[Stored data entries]
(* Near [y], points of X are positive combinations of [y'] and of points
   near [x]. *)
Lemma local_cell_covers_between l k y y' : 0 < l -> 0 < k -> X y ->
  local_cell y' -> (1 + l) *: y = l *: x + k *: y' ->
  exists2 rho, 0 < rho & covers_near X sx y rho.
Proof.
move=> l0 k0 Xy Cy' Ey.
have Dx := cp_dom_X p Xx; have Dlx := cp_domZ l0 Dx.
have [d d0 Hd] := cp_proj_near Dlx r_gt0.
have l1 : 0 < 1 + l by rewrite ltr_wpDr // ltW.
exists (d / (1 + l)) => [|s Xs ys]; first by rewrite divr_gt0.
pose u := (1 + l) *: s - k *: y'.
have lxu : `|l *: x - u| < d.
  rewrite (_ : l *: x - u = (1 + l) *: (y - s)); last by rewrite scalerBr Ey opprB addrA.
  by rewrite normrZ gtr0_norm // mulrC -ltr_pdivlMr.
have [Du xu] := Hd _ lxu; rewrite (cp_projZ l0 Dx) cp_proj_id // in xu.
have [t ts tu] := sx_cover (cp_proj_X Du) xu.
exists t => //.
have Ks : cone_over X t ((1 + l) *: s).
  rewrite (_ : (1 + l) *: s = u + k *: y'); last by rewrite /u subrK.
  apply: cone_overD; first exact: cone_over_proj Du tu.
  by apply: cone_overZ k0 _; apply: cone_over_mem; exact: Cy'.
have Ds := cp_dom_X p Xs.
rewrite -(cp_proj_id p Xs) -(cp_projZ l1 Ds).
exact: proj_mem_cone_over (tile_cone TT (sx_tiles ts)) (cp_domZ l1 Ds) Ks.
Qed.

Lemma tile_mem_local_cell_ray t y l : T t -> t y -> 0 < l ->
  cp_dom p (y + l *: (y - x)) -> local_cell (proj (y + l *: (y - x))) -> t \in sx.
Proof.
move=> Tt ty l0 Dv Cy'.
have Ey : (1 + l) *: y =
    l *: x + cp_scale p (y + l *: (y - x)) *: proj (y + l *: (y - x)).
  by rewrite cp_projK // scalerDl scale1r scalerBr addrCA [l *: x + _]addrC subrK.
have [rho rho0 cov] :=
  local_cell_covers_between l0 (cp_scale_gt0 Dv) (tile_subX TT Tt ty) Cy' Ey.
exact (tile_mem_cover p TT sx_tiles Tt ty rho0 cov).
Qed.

Required action – From the entries above, return exactly the line containing "Lemma local_cell_covers_between l", the line containing "pose u := (1 + l) *: s - k *: y'.", and all lines between, and nothing else.

Written reply –
Lemma local_cell_covers_between l k y y' : 0 < l -> 0 < k -> X y ->
  local_cell y' -> (1 + l) *: y = l *: x + k *: y' ->
  exists2 rho, 0 < rho & covers_near X sx y rho.
Proof.
move=> l0 k0 Xy Cy' Ey.
have Dx := cp_dom_X p Xx; have Dlx := cp_domZ l0 Dx.
have [d d0 Hd] := cp_proj_near Dlx r_gt0.
have l1 : 0 < 1 + l by rewrite ltr_wpDr // ltW.
exists (d / (1 + l)) => [|s Xs ys]; first by rewrite divr_gt0.
pose u := (1 + l) *: s - k *: y'.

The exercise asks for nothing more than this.